In the run-up to the now much discussed 78 Independence Day parade, Gallage caused unprecedented controversy when he warned of possible attempts to shift the Security Forces Headquarters, in Jaffna, to the Vanni mainland. The GR veteran’s social media post sent shockwaves through the country. Gallage, known for his outspoken statements/positions and one of the victims of global sanctions imposed on military leaders, questioned the rationale in vacating the Jaffna Headquarters, central to the overall combined armed forces deployment in the Jaffna peninsula and the islands.
Regarding Gallage’s explosive claim, the writer sought clarification from the government but in vain. About a year after the end of the war, the then government began releasing land held by the armed forces. In line with the post-war reconciliation initiatives, the war-winning Mahinda Rajapaksa government released both government and public property, not only in the Jaffna peninsula, but in all other northern and eastern administrative districts, as well. Since 2010, successive governments have released just over 90 percent of land, once held by the armed forces. Unfortunately, political parties and various local and international organisations, with vested interests, continue to politicise the issues at hand. None of them at least bothered to issue a simple press release demanding that the LTTE halted the forcible recruitment of children, use of women/girls in suicide missions and end reprehensible use of civilian human shields.
The current dispensation has gratefully accepted President Ranil Wickremesinghe’s proposal to reduce the Army strength to 100,000 by 2030. Wickremesinghe took that controversial but calculated decision in line with his overall response to post-Aragalaya developments. The Island learns that the President’s original intention was to downsize the Army to 75,000 but he settled for 100,000.
Whatever those who still cannot stomach the armed forces’ triumph over the LTTE and JVP had to say, the armed forces, without any doubt, are the most respected institution in the country.
Maithripala Sirisena and Ranil Wickremesinghe can never absolve themselves of the responsibility for betraying the armed forces at the Geneva-based United Nations Human Rights Council (UNHRC) in Oct. 2015. The treacherous JVP-backed the Yahapalana government to co-sponsor a US-led accountability resolution. That massive act of unprecedented betrayal should be examined taking into consideration primarily two issues – (1) the Tamil electorate throwing its weight behind Sirisena at the 2015 presidential election at the behest of now defunct Tamil National Alliance [TNA] (2) a tripartite agreement on the setting up of hybrid war crimes court.
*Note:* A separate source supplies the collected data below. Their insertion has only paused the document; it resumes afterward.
Lemma eq_repP alpha g h :
  rep alpha g = rep alpha h <-> forall i, chi (alpha i) g = chi (alpha i) h.
Proof.
split => [/matrixP gh i | gh]; first by have := gh i i; rewrite !mxE eqxx !mulr1n.
by congr diag_mx; apply/rowP => i; rewrite !mxE.
Qed.

Lemma invertible_faithful alpha : Rmx_invertible alpha -> faithful_rep alpha.
Proof.
move=> [B [_ BA]] g h tg th /eq_repP gh; apply: funext => i.
rewrite -(chi_Rmx1 i tg) -(chi_Rmx1 i th) -BA (chi_Rmx_mul _ _ _ tg) (chi_Rmx_mul _ _ _ th).
by congr (chi _ _); apply: funext => j.
Qed.

Lemma invertible_chi_surj alpha : Rmx_invertible alpha ->
  forall w, torus R n w -> exists2 g, torus R n g & forall i, chi (alpha i) g = w i.
Proof.
move=> [B [AB _]] w tw; exists (fun j => chi (B j) w) => [j|i].
  exact: chi_neq0.
by rewrite -chi_Rmx_mul // AB chi_Rmx1.
Qed.

Variable alpha : Rmx R n.
Hypothesis faithful : faithful_rep alpha.
Local Notation Bm := (Rmx_b alpha).
Local Notation Cm := (Rmx_c alpha).
Local Notation Vm := (Rmx_v alpha).

Lemma faithful_kernel (x t : 'cV[R]_n) :
  Bm *m x = 0 -> (forall i, expi ((Cm *m x + Vm *m t) i 0) = 1) ->
  forall k, torus_exp x t k = 1.
Proof.
move=> Bx ht k; suff -> : torus_exp x t = torus_exp (0 : 'cV[R]_n) 0 by exact: torus_exp0.
apply: faithful; [exact: torus_exp_torus.. |]; apply/eq_repP => i.
by rewrite !chi_torus_exp Bx !mulmx0 addr0 /torus_exp /polar ht mxE expi0.
Qed.
Lemma wadd_eq_None E P Q : on_curve E P -> on_curve E Q -> P != None ->
  wadd E P Q = None -> Q = wneg E P.
Proof.
case: P Q => [[x1 y1]|] [[x2 y2]|] // hP hQ _; rewrite waddE //.
case: ifP => // /andP [/eqP <- /eqP h] _; congr (Some (_, _)).
by apply/eqP; rewrite -subr_eq0 -h; apply/eqP; ring.
Qed.

Lemma wcubic_two_torsion a b c x y : on_curve (wcubic a b c) (Some (x, y)) ->
  wadd (wcubic a b c) (Some (x, y)) (Some (x, y)) = None ->
  y = 0 /\ [\/ x = a, x = b | x = c].
Proof.
move=> hP /(wadd_eq_None hP hP isT) [].
rewrite /= mul0r !subr0 => /eqP; rewrite -subr_eq0 opprK addrr_eq0 => /eqP y0.
move: hP; rewrite on_curve_Some wpoly_cubic y0 expr0n sub0r oppr_eq0.
by rewrite !mulf_eq0 !subr_eq0 => /orP [/orP [] | ] /eqP; split; constructor.
Qed.

Lemma wlegendre_four_torsion (be : F) : be != 0 -> 1 + be != 0 ->
  wmul (wlegendre (1 - be ^+ 2)) 4 (Some (1 + be, be * (1 + be))) = None.
Proof.
move=> b0 b1; set E := wlegendre _; set P := Some _.
have hP : on_curve E P by rewrite /P on_curve_Some wpoly_cubic; apply/eqP; ring.
have hT : on_curve E (Some (1, 0)) by rewrite on_curve_Some wpoly_cubic; apply/eqP; ring.
have P2 : wadd E P P = Some (1, 0).
  rewrite /P waddE // eqxx /= /E /wlegendre /wcubic /= mul0r !addr0 addrr_eq0.
  rewrite mulf_eq0 (negbTE b0) (negbTE b1) /= /wslope eqxx /wsum_x /wsum_y /=.
  by congr (Some (_, _)); field; rewrite ?b0 ?b1 ?two_neq0.
have P3 : wadd E P (Some (1, 0)) = wneg E P.
  have hx : 1 + be != 1 by rewrite -subr_eq0 addrC addKr.
  rewrite /P waddE // (negbTE hx) /= /wslope hx /wsum_x /wsum_y /E /=.
  have hd : 1 - (1 + be) != 0 by rewrite opprD addrA subrr sub0r oppr_eq0.
  by congr (Some (_, _)); field.
by rewrite /wmul !iterS [iter 0 _ _]/= [wadd E P None]/= P2 P3 wadd_wneg.
Qed.

Lemma short_four_torsion E x y : wa1 E = 0 -> wa3 E = 0 ->
  on_curve E (Some (x, y)) -> y != 0 -> wmul E 4 (Some (x, y)) = None ->
  exists x2, wadd E (Some (x, y)) (Some (x, y)) = Some (x2, 0).
Proof.
move=> a1 a3 hP hy h4; set P := Some (x, y) in hP h4 *.
set l := wslope E x y x y; set x2 := wsum_x E l x x; set y2 := wsum_y E l x y x2.
have P2 : wadd E P P = Some (x2, y2).
  by rewrite /P waddE // eqxx a1 a3 mul0r !addr0 addrr_eq0 (negbTE hy).
have hQ : on_curve E (Some (x2, y2)) by rewrite -P2 on_curve_wadd.
have P3 : wadd E P (Some (x2, y2)) = Some (x, - y).
  rewrite (wadd_eq_None hP (on_curve_wadd hP hQ) isT); first by rewrite /= a1 a3 mul0r !subr0.
  by move: h4; rewrite /wmul !iterS [iter 0 _ _]/= [wadd E P None]/= P2.
exists x2; rewrite P2; congr (Some (_, _)).
move: (hP) (hQ); rewrite !on_curve_Some => /eqP c1 /eqP c2.
have ey2 : y2 = - l * (x2 - x) - y by rewrite /y2 /wsum_y a1 a3; ring.
case: (eqVneq x x2) => [ex | nx].
  rewrite -ex in c2 P2 P3.
  have hc : y + y2 + wa1 E * x + wa3 E != 0.
    by apply/negP => /eqP h0; move: P3; rewrite /P waddE ?on_curve_Some ?c1 ?c2 // eqxx h0 eqxx.
  have ey := wpoly_same_x c1 c2 hc.
  move: P3; rewrite ey -/P P2 ey => -[] /eqP.
  by rewrite -subr_eq0 opprK addrr_eq0 (negbTE hy).
move: P3; rewrite /P waddE // (negbTE nx) /= /wslope nx /wsum_x a1 mul0r addr0 => -[ex _].
set lc := (y2 - y) / (x2 - x) in ex.
have hlc : lc * (x2 - x) = y2 - y by rewrite /lc; field; rewrite subr_eq0 eq_sym.
have ex2 : x2 = l ^+ 2 - wa2 E - x - x by rewrite /x2 /wsum_x a1 mul0r addr0.
have : (lc - l) * (lc + l) = 0.
  have -> : (lc - l) * (lc + l) = (lc ^+ 2 - wa2 E - x - x2 - x) - (l ^+ 2 - wa2 E - x - x - x2)
    by ring.
  by rewrite ex -ex2 !subrr.
move/eqP; rewrite mulf_eq0 !subr_eq0 addr_eq0 => /orP [] /eqP elc.
  apply/eqP; rewrite -addrr_eq0; apply/eqP.
  have -> : y2 + y2 = (y2 - y) + (y2 + y) by ring.
  by rewrite -hlc elc ey2; ring.
have e0 : (y2 + y) - (y2 - y) = 0 by rewrite -hlc elc ey2; ring.
have : y = ((y2 + y) - (y2 - y)) / 2 by field.
by rewrite e0 mul0r => /eqP; rewrite (negbTE hy).
Qed.


Lemma wcubic_halving a b c x y : on_curve (wcubic a b c) (Some (x, y)) -> y != 0 ->
  wadd (wcubic a b c) (Some (x, y)) (Some (x, y)) = Some (a, 0) ->
  (x - a) ^+ 2 = (a - b) * (a - c).
Proof.
move=> hP hy; rewrite waddE // eqxx /= !mul0r !addr0 addrr_eq0 (negbTE hy).
rewrite /wslope eqxx /wsum_x /= !mul0r !addr0 subr0 => -[ha _].
set l := (X in X ^+ 2) in ha.
have hl : l * (2 * y) = 3 * x ^+ 2 - 2 * (a + b + c) * x + (a * b + b * c + c * a).
  by rewrite /l; field; rewrite two_neq0 hy.
have hl2 : l ^+ 2 = 2 * x - b - c.
  transitivity ((l ^+ 2 - - (a + b + c) - x - x) - (a + b + c) + 2 * x); first by ring.
  by rewrite ha; ring.
have hy2 : y ^+ 2 = (x - a) * (x - b) * (x - c).
  by apply/eqP; rewrite -subr_eq0 -wpoly_cubic -on_curve_Some.
apply/eqP; rewrite -subr_eq0 -sqrf_eq0; apply/eqP.
transitivity ((l * (2 * y)) ^+ 2 - 4 * l ^+ 2 * y ^+ 2); last by ring.
by rewrite hl hl2 hy2; ring.
Qed.

End Torsion.

(** * Extending K-embeddings to the separable closure *)

Definition subfield_closed (L : fieldType) (D : set L) :=
  [/\ D 1, (forall a b, D a -> D b -> D (a - b)),
      (forall a b, D a -> D b -> D (a * b)) & (forall a, D a -> D a^-1)].

Definition morph_on (L : fieldType) (D : set L) (f : L -> L) :=
  [/\ f 1 = 1, (forall a b, D a -> D b -> f (a - b) = f a - f b) &
      (forall a b, D a -> D b -> f (a * b) = f a * f b)].

Section SubfieldType.
Variables (L : fieldType) (D : set L) (hD : subfield_closed D).

(* The dummy dependency on hD lets the instance below be found from the predicate. *)
Definition subfield_pred : pred L := let _ := hD in fun w => `[< D w >].

Fact subfield_pred_closed : divring_closed subfield_pred.
Proof.
case: hD => D1 DB DM DV; split; first exact/asboolP.
- by move=> a b /asboolP Da /asboolP Db; apply/asboolP; apply: DB.
- by move=> a b /asboolP Da /asboolP Db; apply/asboolP; apply: DM => //; apply: DV.
Qed.
HB.instance Definition _ := GRing.isDivringClosed.Build L subfield_pred subfield_pred_closed.

Record subfield_of := SubfieldOf { subfield_val :> L; _ : subfield_val \in subfield_pred }.
HB.instance Definition _ := [isSub for subfield_val].
HB.instance Definition _ := [Choice of subfield_of by <:].
HB.instance Definition _ := [SubChoice_isSubIntegralDomain of subfield_of by <:].
HB.instance Definition _ := [SubIntegralDomain_isSubField of subfield_of by <:].

Definition subfield_inj : {rmorphism subfield_of -> L} :=
  GRing.RMorphism.clone _ _ (val : subfield_of -> L) _.

Lemma subfield_mem (w : subfield_of) : D (val w).
Proof. by case: w => w /= /asboolP. Qed.

Definition subfield_elt (w : L) (Dw : D w) : subfield_of := SubfieldOf (asboolT Dw).

End SubfieldType.

Definition mk_rmorph (F G : fieldType) (f : F -> G) (h1 : GRing.zmod_morphism f)
  (h2 : GRing.monoid_morphism f) : {rmorphism F -> G} :=
  HB.pack f (GRing.isZmodMorphism.Build F G f h1) (GRing.isMonoidMorphism.Build F G f h2).

Definition adjoin (F L : fieldType) (v : {rmorphism F -> L}) (x : L) : set L :=
  [set w | exists g : {poly F}, w = (map_poly v g).[x]].

Definition is_minpoly (F L : fieldType) (v : {rmorphism F -> L}) (x : L) (q : {poly F}) :=
  [/\ q != 0, root (map_poly v q) x &
      forall g : {poly F}, g != 0 -> root (map_poly v g) x -> (size q <= size g)%N].

Section MinimalPolynomial.
Variables (F L : fieldType) (v : {rmorphism F -> L}) (x : L).

Lemma minpoly_exists (p : {poly F}) :
  p != 0 -> root (map_poly v p) x -> exists q, is_minpoly v x q.
Proof.
move=> pnz px.
pose P n := `[< exists g : {poly F}, [/\ g != 0, root (map_poly v g) x & size g = n] >].
have exP : exists n, P n by exists (size p); apply/asboolP; exists p.
case: (ex_minnP exP) => n /asboolP [q [qnz qx qs]] qmin; exists q; split => // g gnz gx.
by rewrite qs; apply: qmin; apply/asboolP; exists g.
Qed.

Variable q : {poly F}.
Hypothesis qmin : is_minpoly v x q.

Lemma minpoly_dvdp g : root (map_poly v g) x -> q %| g.
Proof.
case: qmin => qnz qx qle gx; apply/modp_eq0P; apply: contraTeq isT => hnz.
have : root (map_poly v (g %% q)) x.
  move: gx; rewrite {1}(divp_eq g q) rmorphD rmorphM /= rootE hornerD hornerM.
  by rewrite (rootP qx) mulr0 add0r.
by move/(qle _ hnz); rewrite leqNgt ltn_modp qnz.
Qed.

Lemma adjoin_base c : adjoin v x (v c).
Proof. by exists c%:P; rewrite map_polyC hornerC. Qed.

Lemma adjoin_gen : adjoin v x x.
Proof. by exists 'X; rewrite map_polyX hornerX. Qed.
(* Let $m\ge2$, $k\ge2$, $n\ge1$, $\mathcal{A}\in\mathbb{R}_+^{[m,n]}$ and $\mathcal{B}\in\mathbb{R}_+^{[k,n]}$. Then \[r(\mathcal{A})(r(\mathcal{B}))^{m-1}\le\rho(\mathcal{A}\mathcal{B})\le R(\mathcal{A})(R(\mathcal{B}))^{m-1}.\]
   Context: $[n]=\{1,\ldots,n\}$. $\mathbb{R}_+^{[m,n]}$ denotes the set of order $m$, dimension $n$ tensors with nonnegative real entries. For a tensor $\mathcal{T}=(t_{i_1\cdots i_p})$ of order $p$ and dimension $n$: $r_i(\mathcal{T})=\sum_{i_2,\ldots,i_p=1}^n|t_{ii_2\cdots i_p}|$, $r(\mathcal{T})=\min_{i\in[n]}r_i(\mathcal{T})$, $R(\mathcal{T})=\max_{i\in[n]}r_i(\mathcal{T})$. General product: for $\mathcal{A}=(a_{i_1\cdots i_m})$ of order $m\ge2$ and $\mathcal{B}=(b_{i_1\cdots i_k})$ of order $k$, $\mathcal{A}\mathcal{B}=(c_{i\alpha_1\cdots\alpha_{m-1}})$ is the order $(m-1)(k-1)+1$, dimension $n$ tensor with $c_{i\alpha_1\cdots\alpha_{m-1}}=\sum_{i_2,\ldots,i_m=1}^n a_{ii_2\cdots i_m}b_{i_2\alpha_1}\cdots b_{i_m\alpha_{m-1}}$, $i\in[n]$, $\alpha_j\in[n]^{k-1}$ (where $b_{j\alpha}$ with $\alpha=(j_2,\ldots,j_k)$ means $b_{jj_2\cdots j_k}$). Eigenvalues of a tensor $\mathcal{T}$ of order $p\ge2$: $\lambda\in\mathbb{C}$ such that there is a nonzero $x\in\mathbb{C}^n$ with $\sum_{i_2,\ldots,i_p=1}^n t_{ii_2\cdots i_p}x_{i_2}\cdots x_{i_p}=\lambda x_i^{p-1}$ for all $i\in[n]$; $\rho(\mathcal{T})$ is the maximum modulus of the eigenvalues. *)

From HB Require Import structures.
From mathcomp Require Import all_boot all_order all_algebra.
From mathcomp Require Import classical_sets reals complex.
Set Implicit Arguments. Unset Strict Implicit. Unset Printing Implicit Defensive.
Import Order.TTheory GRing.Theory Num.Theory.
Local Open Scope ring_scope.
Local Open Scope classical_set_scope.
Local Open Scope complex_scope.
That agreement involved the US, Sri Lanka and TNA. Let me stress that at the 2010 presidential election, the TNA joined the UNP and the JVP in supporting war-winning Army Commander Fonseka’s candidature at the first-post war national election. Thanks to WikiLeaks, the world knows how the US manipulated the TNA to back Fonseka, the man who spearheaded a ruthless campaign that decimated the LTTE. Fonseka’s Army beat the LTTE, at its own game. Then, the Tamil electorate voted for Fonseka, who won all predominately Tamil speaking electoral districts but suffered a humiliating defeat in the rest of the country.
Let us not forget ex-LTTE cadres as well as members of other Tamil groups who backed successive governments. Tamil men contributed even to clandestine operations behind enemy lines. Unfortunately, successive governments had been pathetic in their approach to counter pro-Eelam propaganda. Sri Lanka never had a tangible action plan to counter those propagating lies. Instead, they turned a blind eye to anti-Sri Lanka campaigns. Dimwitted politicians just played pandu with the issues at hand. The Canadian declaration that Sri Lanka perpetrated genocide in May 2022 humiliated the country. Our useless Parliament didn’t take up that issue while three years later the Labour Party-run UK sanctioned four persons, including Karannagoda and Shavendra Silva, in return for Tamil support at the parliamentary elections there.
Victory parade fiasco
In 2016, the Yahapalana fools cancelled the Victory Day parade, held uninterrupted since 2009 to celebrate the country’s greatest post-independence achievement. By then, the Yahapalana administration had betrayed the armed forces at the UNHRC. The UNP-SLFP combine operated as if the armed forces didn’t exist. Sirisena had no option but to give in to Wickremesinghe’s despicable strategy meant to appease Eelamists whose support he desired, even at the expense of the overall national interest.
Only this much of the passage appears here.